Teladoc Health (NYSE: TDOC) announced its 2023 Q1 financial results on April 26, 2023. According to the announcement, revenue was up 11% (YoY, 3 months). In addition, amount of operating loss was decreased to 77,102 thousands USD from 6,669,379 thousands USD in 2022 Q1. Moreover, net loss in 2023 Q1 was 69,228 thousands USD. In 2022 Q1, net loss was 6,674,523 thousands USD. However, please note that the company recorded non-cash stock-based compensation of 46,038 thousands USD in 2023 Q1.
The huge amount of operating loss and net loss in 2022 Q1 were both attributable to non-cash goodwill impairment.
As for adjusted EBITDA, it showed strong growth of up 51% (YoY, 3 months).

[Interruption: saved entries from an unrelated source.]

(* If a quasi-equation with countably many premises in the language of $\mathcal{V}_{\sigma\ell\mathbb{G}}$ (respectively $\mathcal{V}_{\sigma\ell\mathbb{G}_u}$, $\mathcal{V}_{\sigma\mathbb{RS}}$, $\mathcal{V}_{\sigma\mathbb{RS}_u}$) holds in $\mathbb{R}$ (with its standard operations, $\bigvee^-(g,f_1,f_2,\dots)=\sup_{n\ge1}\{f_n\wedge g\}$, and $1$ the real number $1$), then it holds in every object of $\mathcal{V}_{\sigma\ell\mathbb{G}}$ (respectively $\mathcal{V}_{\sigma\ell\mathbb{G}_u}$, $\mathcal{V}_{\sigma\mathbb{RS}}$, $\mathcal{V}_{\sigma\mathbb{RS}_u}$). In particular each of these is generated by $\mathbb{R}$ as a quasi-variety.
   Context: A quasi-equation with countably many premises is an expression $[\tau_1=\rho_1,\tau_2=\rho_2,\dots]\Rightarrow\tau=\rho$ with terms $\tau,\rho,\tau_n,\rho_n$; it holds in $A$ if under every assignment, all premises holding implies the conclusion holds. Axioms (A1)–(A3): (A1) $\bigvee_{n\ge1}^g f_n=\bigvee_{n\ge1}^g(f_n\wedge g)$; (A2) $\bigvee_{n\ge1}^g f_n=(f_1\wedge g)\vee\bigvee^-(g,f_2,f_3,\dots)$; (A3) $\bigvee_{n\ge1}^g(f_n\wedge h)\le h$, where $\bigvee_{n\ge1}^g f_n:=\bigvee^-(g,f_1,f_2,\dots)$, $\bigvee^-$ of countably infinite arity, and $a\le b$ means $a\wedge b=a$. $\mathcal{V}_{\sigma\ell\mathbb{G}}$: $\ell$-group axioms plus (A1)–(A3) in the language $0,+,-,\vee,\wedge,\bigvee^-$. $\mathcal{V}_{\sigma\mathbb{RS}}$: Riesz space axioms plus (A1)–(A3) in the Riesz space language (including scalar multiplications $\lambda\cdot-$, $\lambda\in\mathbb{R}$) plus $\bigvee^-$. $\mathcal{V}_{\sigma\ell\mathbb{G}_u}$ and $\mathcal{V}_{\sigma\mathbb{RS}_u}$: the same with an additional constant $1$ and the additional axiom $\bigvee_{n\ge1}^{|f|}(|f|\wedge n1)=|f|$. *)

From Stdlib Require Import Reals Lra.
Open Scope R_scope.
Lemma infinite_sum_partial_sum g y :
  (forall eps, eps > 0 -> exists N, forall n, (N <= n)%nat ->
     Rabs (partial_sum g n - y) < eps) ->
  infinite_sum g y.
Proof.
  intros H eps Heps. destruct (H eps Heps) as [N HN]. exists N. intros n Hn.
  rewrite sum_f_R0_partial_sum. apply HN. lia.
Qed.

Lemma infinite_sum_between g y K a b : infinite_sum g y ->
  (forall n, (K <= n)%nat -> a <= partial_sum g n <= b) -> a <= y <= b.
Proof.
  intros Hs Hab.
  assert (Hnear : forall eps, eps > 0 -> exists n, a <= partial_sum g n <= b /\
                    Rabs (partial_sum g n - y) < eps).
  { intros eps Heps. destruct (Hs eps Heps) as [N HN].
    exists (S (Nat.max N K)). split; [apply Hab; lia|].
    rewrite <- sum_f_R0_partial_sum. apply HN. lia. }
  split; apply Rnot_lt_le; intro Hc.
  - destruct (Hnear (a - y)) as [n [Hn Hy]]; [lra|]. apply Rabs_def2 in Hy. lra.
  - destruct (Hnear (y - b)) as [n [Hn Hy]]; [lra|]. apply Rabs_def2 in Hy. lra.
Qed.

Lemma infinite_sum_eventual_shift g h y K c : infinite_sum g y ->
  (forall n, (K <= n)%nat -> partial_sum h n = partial_sum g n + c) ->
  infinite_sum h (y + c).
Proof.
  intros Hs Hgh eps Heps. destruct (Hs eps Heps) as [N HN]. exists (Nat.max N K).
  intros n Hn. rewrite sum_f_R0_partial_sum, Hgh, <- sum_f_R0_partial_sum by lia.
  unfold Rdist in *. replace (sum_f_R0 g n + c - (y + c)) with (sum_f_R0 g n - y) by ring.
  apply HN. lia.
Qed.

Lemma partial_sum_le_mono g m n : (forall i, 0 <= g i) -> (m <= n)%nat ->
  partial_sum g m <= partial_sum g n.
Proof. intros Hg Hmn. induction Hmn; [lra|]. simpl. specialize (Hg m0). lra. Qed.
(* Let $\Omega\subset\mathbb{R}^n$ be a domain with $\mathrm{width}(\Omega)<+\infty$, $f\in L^\infty(\Omega)$, $g\in C(\partial\Omega)\cap L^\infty(\partial\Omega)$, $(\varepsilon_i)$ a sequence of positive numbers with $\varepsilon_i\to0$, and for each $i$ let $u_i:\overline\Omega\to\mathbb{R}$ be a bounded solution of $\Delta^{\varepsilon_i}_\infty u_i=\varepsilon_i^2 f$ in $\Omega$, $u_i=g$ on $\partial\Omega$. Then the functions $u_i$ are uniformly bounded, i.e. $\sup_i\sup_{\overline\Omega}|u_i|<+\infty$.
   Context: $d(x,y)$ is the intrinsic metric of $\overline\Omega$ (infimum of lengths of paths in $\overline\Omega$ from $x$ to $y$); $\mathrm{width}(\Omega)=\sup_{x\in\Omega}\inf_{y\in\partial\Omega}d(y,x)$. For $\varepsilon>0$, $B_x(\varepsilon)=\{y\in\overline\Omega: d(x,y)<\varepsilon\}$ and $\Delta^{\varepsilon}_\infty w(x)=\inf_{y\in B_x(\varepsilon)}w(y)+\sup_{y\in B_x(\varepsilon)}w(y)-2w(x)$. *)

From HB Require Import structures.
From mathcomp Require Import all_boot all_order all_algebra.
From mathcomp Require Import all_classical all_reals all_analysis.
Set Implicit Arguments. Unset Strict Implicit. Unset Printing Implicit Defensive.
Import Order.TTheory GRing.Theory Num.Theory.
Import numFieldNormedType.Exports.
Local Open Scope classical_set_scope.
Local Open Scope ring_scope.

Section Defs.
Context {R : realType} {n : nat}.
Notation V := 'rV[R]_n.

Definition enorm (v : V) : R := Num.sqrt (\sum_(i < n) (v ord0 i) ^+ 2).
Lemma exists_uniq_near_points (R : realType) (Omega : Type) (X : eqType)
    (dist : X -> X -> R) (z : nat -> Omega -> X) w x eps c :
  is_metric dist -> 0 < eps ->
  (forall r, 0 < r -> exists2 n, (0 < n)%N & dist x (z n w) < r) ->
  (forall n, (0 < n)%N -> z n w != x) ->
  exists N (W : seq X), [/\ uniq W, size W = c, {subset W <= Zseq z N w} &
                           {in W, forall u, dist x u < eps}].
Proof.
move=> [dist_ge0 [dist_eq0 _]] eps_gt0 approach z_neq.
elim: c => [|c [N [W [uW sW WZ W_near]]]]; first by exists 0%N, [::].
have W_pos : {in W, forall u, 0 < dist x u}.
  move=> u /WZ uZ; case: (ZseqP uZ) => k /andP[k_gt0 _] ->.
  rewrite lt_def dist_ge0 andbT.
  by apply: contraNneq (z_neq k k_gt0) => /dist_eq0 <-.
have [r /andP[r_gt0 r_le] r_low] := exists_pos_lower_bound eps_gt0 W_pos.
have [n n_gt0 zn_near] := approach r r_gt0.
exists (maxn N n), (z n w :: W); split.
- by rewrite /= uW andbT; apply/negP => /r_low; rewrite leNgt zn_near.
- by rewrite /= sW.
- move=> u; rewrite inE => /predU1P[-> | /WZ].
    by apply: mem_Zseq; rewrite n_gt0 leq_maxr.
  by apply: Zseq_subset; exact: leq_maxl.
- by move=> u; rewrite inE => /predU1P[-> | /W_near //]; exact: lt_le_trans zn_near r_le.
Qed.

Lemma nn_mode_eventually (R : realType) (Omega : Type) (X Y : eqType)
    (dist : X -> X -> R) (f : X -> Y) m (z : nat -> Omega -> X) w x eps :
  is_metric dist -> (0 < m)%N -> 0 < eps ->
  (forall r, 0 < r -> exists2 n, (0 < n)%N & dist x (z n w) < r) ->
  (forall n, (0 < n)%N -> dist x (z n w) < eps -> f (z n w) = f x) ->
  exists N, forall n, (N <= n)%N -> forall U, nn_choice dist f m (Zseq z n w) x U ->
    forall y, is_mode f U y -> y = f x.
Proof.
move=> metric m_gt0 eps_gt0 approach label.
have [[n0 n0_gt0 zx] | not_hit] := pselect (exists2 n, (0 < n)%N & z n w = x).
  exists n0 => n n0n U U_nn y; apply: nn_choice_mem_mode U_nn.
  by rewrite -zx mem_Zseq // n0_gt0.
have z_neq n : (0 < n)%N -> z n w != x.
  by move=> n_gt0; apply/eqP => zx; apply: not_hit; exists n.
have [N [W [uW sW WZ W_near]]] :=
  exists_uniq_near_points m metric eps_gt0 approach z_neq.
exists N => n Nn U U_nn y; apply: (nn_choice_mode m_gt0 uW sW _ W_near _ U_nn).
  by move=> u /WZ; apply: Zseq_subset.
by move=> u uZ; case: (ZseqP uZ) => k /andP[k_gt0 _] ->; exact: label.
Qed.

Among total revenue, access Fees revenue, which represents subscription revenue from member companies, was up 12% (YoY, 3 months). As for geographical revenues, U.S. revenue was up 10% while international revenue was up 18%.

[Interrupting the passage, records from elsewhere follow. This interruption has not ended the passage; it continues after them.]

(* Let $\nu\in\mathbb{N}$ and $0<x\le1$. Then $1\le D_{\nu,x}<\infty$.
   Context: $|\cdot|$ is the maximum norm on $\mathbb{Z}^\nu$. $D_{\nu,x}:=\sup_{n\in\mathbb{Z}^\nu,\sigma\ge1/4}\sum_{m\in\mathbb{Z}^\nu}\frac{e^{\sigma|n|^x}}{e^{\sigma|m|^x}e^{\sigma|n-m|^x}}$ if $0<x<1$, and $D_{\nu,1}:=\sup_{n\in\mathbb{Z}^\nu,\sigma\ge1/4}\sum_{m\in\mathbb{Z}^\nu}\frac{(1+|n|)^{\nu+1}e^{\sigma|n|}}{(1+|m|)^{\nu+1}e^{\sigma|m|}(1+|n-m|)^{\nu+1}e^{\sigma|n-m|}}$. *)

From HB Require Import structures.
From mathcomp Require Import all_boot all_order all_algebra.
From mathcomp Require Import all_classical all_reals all_analysis.
Set Implicit Arguments. Unset Strict Implicit. Unset Printing Implicit Defensive.
Import Order.TTheory GRing.Theory Num.Theory.
Local Open Scope classical_set_scope.
Local Open Scope ring_scope.

Definition Zpt (nu : nat) := {ffun 'I_nu -> int}.

Definition zsub (nu : nat) (n m : Zpt nu) : Zpt nu := [ffun i => n i - m i].

(* Maximum norm |n| = max_i |n_i| on Z^nu, as a real number (0 if nu = 0). *)
Definition maxnorm (R : realType) (nu : nat) (n : Zpt nu) : R :=
  ((\max_(i < nu) `|n i|%N)%N)%:R.

Definition Dterm_sub (R : realType) (nu : nat) (x sigma : R) (n m : Zpt nu) : R :=
  expR (sigma * maxnorm R n `^ x) /
  (expR (sigma * maxnorm R m `^ x) * expR (sigma * maxnorm R (zsub n m) `^ x)).

Definition Dweight (R : realType) (nu : nat) (sigma k : R) : R :=
  (1 + k) ^+ nu.+1 * expR (sigma * k).

Definition Dterm_one (R : realType) (nu : nat) (sigma : R) (n m : Zpt nu) : R :=
  @Dweight R nu sigma (maxnorm R n) /
  (@Dweight R nu sigma (maxnorm R m) * @Dweight R nu sigma (maxnorm R (zsub n m))).

Definition Dterm (R : realType) (nu : nat) (x sigma : R) (n m : Zpt nu) : R :=
  if x < 1 then @Dterm_sub R nu x sigma n m else @Dterm_one R nu sigma n m.

Definition Dconst (R : realType) (nu : nat) (x : R) : \bar R :=
  ereal_sup [set y : \bar R | exists (n : Zpt nu), exists2 sigma : R,
     4^-1 <= sigma & y = \esum_(m in [set: Zpt nu]) (@Dterm R nu x sigma n m)%:E].
(** * Reflection groups *)

Lemma finite_set_gt0_lbound (R : realType) (B : set R) :
  finite_set B -> (forall r, B r -> 0 < r) -> exists2 e, 0 < e & forall r, B r -> e <= r.
Proof.
move=> finB B_gt0.
(* The filter [0 < r], true on [B], is what lets [lt_bigmin] apply. *)
exists (\big[Order.min/1]_(r <- finmap.enum_fset (fset_set B) | 0 < r) r).
  exact: lt_bigmin.
move=> r Br; apply: bigmin_inf_seq (B_gt0 r Br) _ => //.
by rewrite in_fset_set // mem_set.
Qed.

Lemma gen_mono {R : realType} {X : metricType R} (T1 T2 : set (X -> X)) :
  T1 `<=` T2 -> gen T1 `<=` gen T2.
Proof.
move=> T12 g; elim=> {g} [|t /T12|f g _ f2 _ g2|f g _ f2 fg gf].
- exact: gen_id.
- exact: gen_gen.
- exact: gen_comp.
- exact: gen_inv fg gf.
Qed.

Section ReflectionGroup.
Context {R : realType} {X : metricType R}.
Local Notation d := (@mdist R X).
Variable W : set (X -> X).
Hypothesis W_refl : reflection_group W.
Implicit Types (g h r : X -> X).

Lemma reflection_group_id : W id.
Proof. by rewrite W_refl; exact: gen_id. Qed.

Lemma reflection_group_comp g h : W g -> W h -> W (g \o h).
Proof. by rewrite W_refl; exact: gen_comp. Qed.

Lemma reflection_group_inv g g' : W g -> cancel g g' -> cancel g' g -> W g'.
Proof.
rewrite W_refl => Wg gK g'K.
by apply: gen_inv Wg _ _; apply/funext => x /=; rewrite ?gK ?g'K.
Qed.

Lemma reflection_group_isometry_inv g : W g -> exists2 g', W g' & isometry_inv g g'.
Proof.
rewrite W_refl; elim=> {g} [|r rW|f g _ [f' Wf' hf] _ [g' Wg' hg]|f g Wf [f' _ hf] fg gf].
- by exists id; [exact: gen_id|exact: isometry_inv_id].
- by exists r; [exact: gen_gen|exact: reflection_isometry_inv (proj2 rW)].
- by exists (g' \o f'); [exact: gen_comp|exact: isometry_invM].
- have [f_iso fK f'K] := hf; have -> : g = f'.
    by apply/funext => x; rewrite -[g x]fK (comp_idK fg).
  by exists f => //; exact: isometry_invV.
Qed.

Lemma reflection_group_isometric g : W g -> isometric g.
Proof. by case/reflection_group_isometry_inv => g' _ []. Qed.
(* Let $n\ge 2$ be an integer, $C\ge 4$ a constant, $Z$ a finite set with $|Z|\ge 2$, and $T_1,T_2$ rooted $Z$-trees with $\mathrm{Seq}(T_1)=\mathrm{Seq}(T_2)$. Then at least one of the following holds: (1) there is a pair $(x,Y)$ with $x\in Z$, $\emptyset\neq Y\subset Z$, $\mathrm{lca}_{T_1}(Y)\prec\mathrm{lca}_{T_1}(Y\cup\{x\})$, $\mathrm{lca}_{T_2}(Y)\prec\mathrm{lca}_{T_2}(Y\cup\{x\})$ and $|Y|\ge |Z|/C$; (2) there is a good pair $(x,Y)$ (with respect to $n$, $T_1$, $T_2$); (3) there is a set $A\subseteq Z$ with $|A|\ge \log n$ such that the unrooted trees obtained from $T_1|A$ and $T_2|A$ by suppressing the root are identical caterpillars.
   Context: A rooted $Z$-tree is a binary rooted tree with a root of degree two, all other internal nodes of degree three, leaves bijectively labeled by $Z$, and each internal node having a designated left child and right child. $x\preceq y$ means $x$ is a descendant of $y$ ($x\prec y$ if also $x\ne y$); $\mathrm{lca}_T(W)$ is the lowest node having all elements of $W$ as descendants. For $A\subseteq Z$, $T|A$ is the rooted tree obtained from the minimal subtree spanning $A$, rooted at $\mathrm{lca}_T(A)$, by suppressing non-root degree-two nodes. $\mathrm{Seq}(T)$ is the left-to-right leaf ordering given by pre-order traversal (left child before right child). A good pair (with respect to $n$, $T_1$, $T_2$) is a pair $(x,Y)$ with $x\in Z$, $\emptyset\ne Y\subset Z$, $\mathrm{lca}_{T_1}(Y)\prec\mathrm{lca}_{T_1}(Y\cup\{x\})$, $\mathrm{lca}_{T_2}(Y)\prec\mathrm{lca}_{T_2}(Y\cup\{x\})$, and $|Y|\ge|Z|/(2\log n)$. A tree is a caterpillar if every internal node is adjacent to at least one leaf; unrooted trees are identical if there is a label-preserving graph isomorphism. $\log=\log_2$. *)

From Stdlib Require Import Reals.
From mathcomp Require Import all_boot.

Looking at number of membership, mental health-related BetterHelp Paying Users were up 22% (YoY, 3 months). In addition, Chronic Care Program Enrollment was up 13%. Double-digit increases in the number of mental health and chronic disease-related users have a potential for steady and continuing growth in Teladoc’s revenues.
Net cash provided by operating activities increased to 13,156 thousands USD (cash outflow of 31,747 thousands USD in 2022 Q1). On the other hand, free cash flow recorded cash outflow of 32,468 thousands USD (cash outflow of 59,314 thousands USD in 2022 Q1).
Finally, Teladoc are holding a large amount of current assets and maintaining the higher shareholders’ equity ratio. We believe that the strong growth in adjusted EBITDA indicates strength of Teladoc’s business.
- Watanabe & Brothers’ Investment is holding shares of Teladoc Health.